Lenin pronounced the cinema the most influential of all the arts. Film, he believed, should do more than entertain: the powerful picture language of the new medium could instruct the illiterate masses in the history and theory of socialism. Moving pictures, moreover, could be used to mold and reinforce the values of the people so that the Bolshevik revolution would prosper. On August 27, 1919, Lenin nationalized the film industry, and established state film workshops to undertake a systematic, theoretical study of film art. The goal of these workshops was to determine the best methods for shaping the film medium into a powerful tool of instruction and propaganda.

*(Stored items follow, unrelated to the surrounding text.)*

(* Fix reals $\mu>\nu>0$, reals $Q_\mu,Q_\nu,E_\mu,E_\nu$, and $Y_0\in[0,1]$. Let $S$ be the set of all configurations $(Y_i,e_i)_{i\ge 1}$ with $Y_i,e_i\in[0,1]$ for all $i\ge1$ which, together with the given $Y_0$ and $e_0=1/2$, satisfy the decoy-state constraints (DS). Define $$K=\frac{1}{\mu}e^{\mu}E_\mu Q_\mu-\frac{1}{\nu}e^{\nu}E_\nu Q_\nu+\frac{\mu-\nu}{2\mu\nu}Y_0,\qquad \beta_i=\frac{\mu^{i-1}-\nu^{i-1}}{i!}\ (i\ge3),$$ assume $0\le K<\sum_{i\ge 3}\beta_i$, and let $k_0$ be the smallest integer $\ge 3$ with $\sum_{i=k_0}^\infty\beta_i\le K$; assume $k_0\ge 4$. Define a configuration $(Y_i^\circ,e_i^\circ)_{i\ge1}$ by: $e_i^\circ=1$ for all $i\ge3$; $Y_i^\circ=0$ for $3\le i\le k_0-2$; $Y_{k_0-1}^\circ=\frac{(k_0-1)!}{\mu^{k_0-2}-\nu^{k_0-2}}\Big(K-\sum_{i=k_0}^\infty\beta_i\Big)$; $Y_i^\circ=1$ for $i\ge k_0$; $Y_1^\circ,Y_2^\circ$ are the unique solution of the two gain equations of (DS) (with the given $Y_0$ and these $Y_i^\circ$, $i\ge3$); $e_1^\circ Y_1^\circ$ is determined by the two error equations of (DS) (which then force $e_2^\circ Y_2^\circ=0$), and $e_2^\circ=0$. Assume $Y_1^\circ>0$, that this configuration lies in $S$, and that $0<e_1^\circ\le 1/2$. Then for every $(Y_i,e_i)_{i\ge1}\in S$, $$Y_1\big[1-h(e_1)\big]\ \ge\ Y_1^\circ\big[1-h(e_1^\circ)\big],$$ i.e. $(Y_i^\circ,e_i^\circ)$ minimizes $Y_1[1-h(e_1)]$ over $S$.
   Context: $h(x)=-x\log_2 x-(1-x)\log_2(1-x)$ is the binary entropy function on $[0,1]$ (with $0\log_2 0=0$). For reals $\mu>\nu>0$, the decoy-state constraints (DS) on sequences $(Y_i)_{i\ge0},(e_i)_{i\ge0}$ with values in $[0,1]$ are $$Q_\mu=\sum_{i=0}^\infty \frac{\mu^i e^{-\mu}}{i!}Y_i,\quad Q_\nu=\sum_{i=0}^\infty \frac{\nu^i e^{-\nu}}{i!}Y_i,\quad E_\mu Q_\mu=\sum_{i=0}^\infty \frac{\mu^i e^{-\mu}}{i!}Y_ie_i,\quad E_\nu Q_\nu=\sum_{i=0}^\infty \frac{\nu^i e^{-\nu}}{i!}Y_ie_i$$ (the first two are the ''gain equations'', the last two the ''error equations''). *)

From Stdlib Require Import Reals Lra.
From Coquelicot Require Import Coquelicot.
Open Scope R_scope.

(* binary entropy h(x) = -x log2 x - (1-x) log2 (1-x); at x = 0 or 1 the
   factor 0 kills whatever value ln 0 has, so 0 log2 0 = 0 automatically. *)
Definition h (x : R) : R :=
  - x * (ln x / ln 2) - (1 - x) * (ln (1 - x) / ln 2).

Definition pois (m : R) (i : nat) : R := m ^ i * exp (- m) / INR (Stdlib.Arith.Factorial.fact i).

Definition DS (mu nu Qmu Qnu Emu Enu : R) (Y e : nat -> R) : Prop :=
  is_series (fun i => pois mu i * Y i) Qmu /\
  is_series (fun i => pois nu i * Y i) Qnu /\
  is_series (fun i => pois mu i * Y i * e i) (Emu * Qmu) /\
  is_series (fun i => pois nu i * Y i * e i) (Enu * Qnu).

Definition inS (mu nu Qmu Qnu Emu Enu Y0 : R) (Y e : nat -> R) : Prop :=
  Y 0%nat = Y0 /\ e 0%nat = 1 / 2 /\
  (forall i, (1 <= i)%nat -> 0 <= Y i <= 1 /\ 0 <= e i <= 1) /\
  DS mu nu Qmu Qnu Emu Enu Y e.

Definition Kconst (mu nu Qmu Qnu Emu Enu Y0 : R) : R :=
  / mu * exp mu * (Emu * Qmu) - / nu * exp nu * (Enu * Qnu)
  + (mu - nu) / (2 * mu * nu) * Y0.

Definition beta (mu nu : R) (i : nat) : R :=
  (mu ^ (i - 1) - nu ^ (i - 1)) / INR (Stdlib.Arith.Factorial.fact i).

Definition beta_tail (mu nu : R) (k : nat) : R :=
  Series (fun n => beta mu nu (n + k)).

(* The optimal configuration is certified by Lagrangian duality.  Since
   [1 - h] is convex, [Y1 (1 - h e1) >= al Y1 - ga Y1 e1], with equality at
   the optimum, where [x |-> al - ga x] is the tangent of [1 - h] at [e1°].
   Subtracting the constraints (DS) of the optimum from those of any
   configuration and weighting the four resulting equations by suitable
   multipliers gives a series with sum 0, whose term of index 1 is
   [-(al Y1 - ga Y1 e1) + (al Y1° - ga Y1° e1°)] and whose terms of index
   [>= 2] are nonnegative.  Their signs are complementary slackness: the
   multipliers put weight [mu^a nu^b - mu^b nu^a] on each term, and this
   changes sign exactly where [Y°] jumps from 0 to 1 (at [k0 - 1]) and
   where [e°] jumps from 0 to 1 (at 3). *)
From Stdlib Require Import Reals Lra Lia.
From Coquelicot Require Import Coquelicot.
Open Scope R_scope.

Lemma series_head_le (a : nat -> R) (l : R) :
  is_series a l -> (forall n, 0 <= a (S (S n))) -> a 0%nat + a 1%nat <= l.
Proof.
  intros Ha Htail.
  assert (Ha1 : is_series (fun n => a (S n)) (l - a 0%nat)).
  { apply is_series_incr_1.
    match goal with |- is_series _ ?s => replace s with l by (unfold plus; simpl; ring) end.
    exact Ha. }
  assert (Ha2 : is_series (fun n => a (S (S n))) (l - a 0%nat - a 1%nat)).
  { apply (is_series_incr_1 (fun n => a (S n))).
    match goal with
    |- is_series _ ?s => replace s with (l - a 0%nat) by (unfold plus; simpl; ring)
    end.
    exact Ha1. }
  assert (Hsum : 0 <= Series (fun n => a (S (S n)))).
  { replace 0 with (Series (fun n => 0 * a n)) by (rewrite Series_scal_l; ring).
    apply Series_le; [| eexists; exact Ha2].
    intro n. rewrite Rmult_0_l. split; [lra | apply Htail]. }
  rewrite (is_series_unique _ _ Ha2) in Hsum. lra.
Qed.

Lemma pow_lt_pow_l (x y : R) (n : nat) : 0 <= x < y -> n <> 0%nat -> x ^ n < y ^ n.
Proof.
  intros Hxy Hn. destruct n as [|n]; [contradiction|].
  induction n as [|n IH]; [simpl; lra|].
  assert (0 <= x ^ S n) by (apply pow_le; lra).
  assert (x ^ S n < y ^ S n) by (apply IH; lia).
  change (x * x ^ S n < y * y ^ S n). nra.
Qed.

Lemma xlnx_ge_tangent (c x : R) :
  0 < c -> 0 <= x -> c * ln c + (1 + ln c) * (x - c) <= x * ln x.
Proof.
  intros Hc Hx. destruct (Req_dec x 0) as [->|Hx0].
  - replace (c * ln c + (1 + ln c) * (0 - c)) with (- c) by ring.
    rewrite Rmult_0_l. lra.
  - (* [ln (c/x) <= c/x - 1], multiplied by [x] *)
    assert (E := exp_ineq1_le (ln (c / x))).
    rewrite exp_ln in E by (apply Rdiv_lt_0_compat; lra).
    unfold Rdiv in E. rewrite ln_mult, ln_Rinv in E by (try apply Rinv_0_lt_compat; lra).
    assert (x * (1 + (ln c + - ln x)) <= x * (c * / x)) by (apply Rmult_le_compat_l; lra).
    replace (x * (c * / x)) with c in H by (field; lra).
    nra.
Qed.

Definition h_slope (c : R) : R := (ln (1 - c) - ln c) / ln 2.

Definition h_intercept (c : R) : R := 1 + ln (1 - c) / ln 2.

Lemma ln2_pos : 0 < ln 2.
Proof. rewrite <- ln_1. apply ln_increasing; lra. Qed.

Lemma one_sub_h_tangent (c : R) :
  0 < c < 1 -> 1 - h c = h_intercept c - h_slope c * c.
Proof.
  intros Hc. assert (Hl2 := ln2_pos).
  unfold h, h_intercept, h_slope. field. lra.
Qed.

Lemma one_sub_h_ge_tangent (c x : R) :
  0 < c < 1 -> 0 <= x <= 1 -> h_intercept c - h_slope c * x <= 1 - h x.
Proof.
  intros Hc Hx. assert (Hl2 := ln2_pos).
  assert (T := xlnx_ge_tangent c x ltac:(lra) ltac:(lra)).
  assert (T' := xlnx_ge_tangent (1 - c) (1 - x) ltac:(lra) ltac:(lra)).
  enough (0 <= 1 - h x - (h_intercept c - h_slope c * x)) by lra.
  replace (1 - h x - (h_intercept c - h_slope c * x)) with
    ((x * ln x + (1 - x) * ln (1 - x)
      - (c * ln c + (1 + ln c) * (x - c))
      - ((1 - c) * ln (1 - c) + (1 + ln (1 - c)) * ((1 - x) - (1 - c)))) / ln 2)
    by (unfold h, h_intercept, h_slope; field; lra).
  apply Rdiv_le_0_compat; lra.
Qed.

Lemma h_intercept_nonneg (c : R) : 0 < c <= 1 / 2 -> 0 <= h_intercept c.
Proof.
  intros Hc. assert (Hl2 := ln2_pos).
  assert (ln (/ 2) <= ln (1 - c)) by (apply ln_le; lra).
  rewrite ln_Rinv in H by lra.
  unfold h_intercept. replace (1 + ln (1 - c) / ln 2) with ((ln 2 + ln (1 - c)) / ln 2)
    by (field; lra).
  apply Rdiv_le_0_compat; lra.
Qed.

Lemma h_intercept_le_slope (c : R) : 0 < c <= 1 / 2 -> h_intercept c <= h_slope c.
Proof.
  intros Hc. assert (Hl2 := ln2_pos).
  assert (ln c <= ln (/ 2)) by (apply ln_le; lra).
  rewrite ln_Rinv in H by lra.
  enough (0 <= h_slope c - h_intercept c) by lra.
  replace (h_slope c - h_intercept c) with ((- ln c - ln 2) / ln 2)
    by (unfold h_slope, h_intercept; field; lra).
  apply Rdiv_le_0_compat; lra.
Qed.

Section DualCertificate.

Variables mu nu Qmu Qnu Emu Enu : R.
Hypothesis nu_pos : 0 < nu.
Hypothesis nu_lt_mu : nu < mu.

Definition cross_pow (a b : nat) : R := mu ^ a * nu ^ b - mu ^ b * nu ^ a.

Lemma cross_pow_nonneg (a b : nat) : (b <= a)%nat -> 0 <= cross_pow a b.
Proof.
  intros Hba. unfold cross_pow.
  replace a with (a - b + b)%nat by lia. rewrite !pow_add.
  assert (nu ^ (a - b) <= mu ^ (a - b)) by (apply pow_incr; lra).
  assert (0 <= mu ^ b * nu ^ b) by (apply Rmult_le_pos; apply pow_le; lra).
  replace (mu ^ (a - b) * mu ^ b * nu ^ b - mu ^ b * (nu ^ (a - b) * nu ^ b))
    with (mu ^ b * nu ^ b * (mu ^ (a - b) - nu ^ (a - b))) by ring.
  apply Rmult_le_pos; lra.
Qed.

Lemma cross_pow_nonpos (a b : nat) : (a <= b)%nat -> cross_pow a b <= 0.
Proof.
  intros Hab. assert (H := cross_pow_nonneg b a Hab). unfold cross_pow in *. lra.
Qed.

Lemma cross_pow_gt0 (a : nat) : a <> 0%nat -> 0 < cross_pow a 0.
Proof.
  intros Ha. assert (mu ^ a > nu ^ a) by (apply pow_lt_pow_l; [lra | exact Ha]).
  unfold cross_pow. simpl. lra.
Qed.

Definition poisson_mix (a b : R) (n : nat) : R := a * pois mu n + b * pois nu n.

Lemma is_series_lagrangian (a b c d : R) (Y e Y' e' : nat -> R) :
  DS mu nu Qmu Qnu Emu Enu Y e -> DS mu nu Qmu Qnu Emu Enu Y' e' ->
  is_series (fun n => poisson_mix a b n * (Y n - Y' n)
                      + poisson_mix c d n * (Y n * e n - Y' n * e' n)) 0.
Proof.
  intros [G1 [G2 [E1 E2]]] [G1' [G2' [E1' E2']]].
  assert (Hdiff : forall m u v l l', is_series u l -> is_series v l' ->
    is_series (fun n => m * (u n - v n)) (m * (l - l'))).
  { intros m u v l l' Hu Hv. exact (is_series_scal m _ _ (is_series_minus _ _ _ _ Hu Hv)). }
  assert (H := is_series_plus _ _ _ _
    (is_series_plus _ _ _ _ (Hdiff a _ _ _ _ G1 G1') (Hdiff b _ _ _ _ G2 G2'))
    (is_series_plus _ _ _ _ (Hdiff c _ _ _ _ E1 E1') (Hdiff d _ _ _ _ E2 E2'))).
  match type of H with
  | is_series _ ?l => replace l with 0 in H by (unfold plus; simpl; ring)
  end.
  revert H. apply is_series_ext. intro n. unfold poisson_mix, plus. simpl. ring.
Qed.

(* The weight of [Y_n e_n] in the certificate changes sign at [n = p + 1];
   for the optimum [p = k0 - 2]. *)
Variables (p : nat) (al ga : R).
Hypothesis p_pos : p <> 0%nat.
Hypothesis al_nonneg : 0 <= al.
Hypothesis al_le_ga : al <= ga.

(* Multipliers of the four equations of (DS), solved from the weights
   prescribed in [weight_Y_S] and [weight_Ye_S]. *)
Definition err_multiplier : R := al * mu / (mu - nu) + (ga - al) * mu ^ p / cross_pow p 0.

Definition weight_Y : nat -> R :=
  poisson_mix (al * nu * exp mu / (mu * (mu - nu))) (- (al * mu * exp nu / (nu * (mu - nu)))).

Definition weight_Ye : nat -> R :=
  poisson_mix ((ga - err_multiplier) * exp mu / mu) (err_multiplier * exp nu / nu).

Lemma weight_Y_S (m : nat) :
  weight_Y (S m) = al * cross_pow m 1 / ((mu - nu) * INR (Factorial.fact (S m))).
Proof.
  assert (HF := INR_fact_lt_0 (S m)).
  assert (Hem := exp_pos mu). assert (Hen := exp_pos nu).
  unfold weight_Y, poisson_mix, pois, cross_pow. rewrite !exp_Ropp.
  set (F := INR (Factorial.fact (S m))) in *.
  simpl. field. repeat split; lra.
Qed.

Lemma weight_Ye_S (m : nat) :
  weight_Ye (S m) = - weight_Y (S m)
    + (ga - al) * cross_pow p m / (cross_pow p 0 * INR (Factorial.fact (S m))).
Proof.
  assert (HF := INR_fact_lt_0 (S m)).
  assert (HX := cross_pow_gt0 p p_pos).
  assert (Hem := exp_pos mu). assert (Hen := exp_pos nu).
  rewrite weight_Y_S. unfold weight_Ye, err_multiplier, poisson_mix, pois.
  unfold cross_pow in *. rewrite !exp_Ropp.
  set (F := INR (Factorial.fact (S m))) in *.
  simpl. simpl in HX. field. repeat split; lra.
Qed.

Lemma weight_Y_1 : weight_Y 1 = - al.
Proof.
  rewrite weight_Y_S. change (INR (Factorial.fact 1)) with 1.
  unfold cross_pow. simpl. field. lra.
Qed.

Lemma weight_Ye_1 : weight_Ye 1 = ga.
Proof.
  assert (HX := cross_pow_gt0 p p_pos).
  rewrite weight_Ye_S, weight_Y_1. change (INR (Factorial.fact 1)) with 1.
  field. lra.
Qed.

Section Slackness.

Variables Yc ec Y e : nat -> R.
Hypothesis ec_high : forall n, (3 <= n)%nat -> ec n = 1.
Hypothesis Yc_ec_low : forall n, (2 <= n <= p)%nat -> Yc n * ec n = 0.
Hypothesis Yc_high : forall n, (p + 2 <= n)%nat -> Yc n = 1.
Hypothesis Ye_bounds : forall n, (1 <= n)%nat -> 0 <= Y n <= 1 /\ 0 <= e n <= 1.

Lemma gap_term_nonneg (m : nat) :
  0 <= cross_pow (S m) 1 * ((Y (S (S m)) - Yc (S (S m)))
                        - (Y (S (S m)) * e (S (S m)) - Yc (S (S m)) * ec (S (S m)))).
Proof.
  destruct m as [|m].
  - replace (cross_pow 1 1) with 0 by (unfold cross_pow; ring). lra.
  - rewrite ec_high by lia.
    destruct (Ye_bounds (S (S (S m)))) as [HY He]; [lia|].
    apply Rmult_le_pos; [apply cross_pow_nonneg; lia | nra].
Qed.

Lemma slack_term_nonneg (m : nat) :
  0 <= cross_pow p (S m) * (Y (S (S m)) * e (S (S m)) - Yc (S (S m)) * ec (S (S m))).
Proof.
  destruct (Ye_bounds (S (S m))) as [HY He]; [lia|].
  destruct (Compare_dec.lt_eq_lt_dec (S m) p) as [[Hlt|<-]|Hgt].
  - rewrite Yc_ec_low by lia.
    apply Rmult_le_pos; [apply cross_pow_nonneg; lia | nra].
  - replace (cross_pow (S m) (S m)) with 0 by (unfold cross_pow; ring). lra.
  - assert (cross_pow p (S m) <= 0) by (apply cross_pow_nonpos; lia).
    assert (Y (S (S m)) * e (S (S m)) <= 1) by nra.
    rewrite Yc_high, ec_high by lia. nra.
Qed.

As they began to study film systematically in these workshops, Soviet film pioneers were deeply impressed by the emotional effects generated by D. W. Griffith's narrative techniques—his use of the close-up, his innovative camera movements, and the way he changed camera angles. They were especially excited by his crosscutting and editing rhythms. The Soviet pioneers were influenced most by Griffith's Intolerance (1919), the next film Griffith made after The Birth of a Nation. "All that is best in the Soviet film," Eisenstein later acknowledged, "has its origins in Intolerance."4 On the foundation of Griffith's achievement, Soviet filmmakers sought to establish general principles about film art which they could apply to their project of creating powerful political propaganda that would entertain, inspire, and instruct the masses.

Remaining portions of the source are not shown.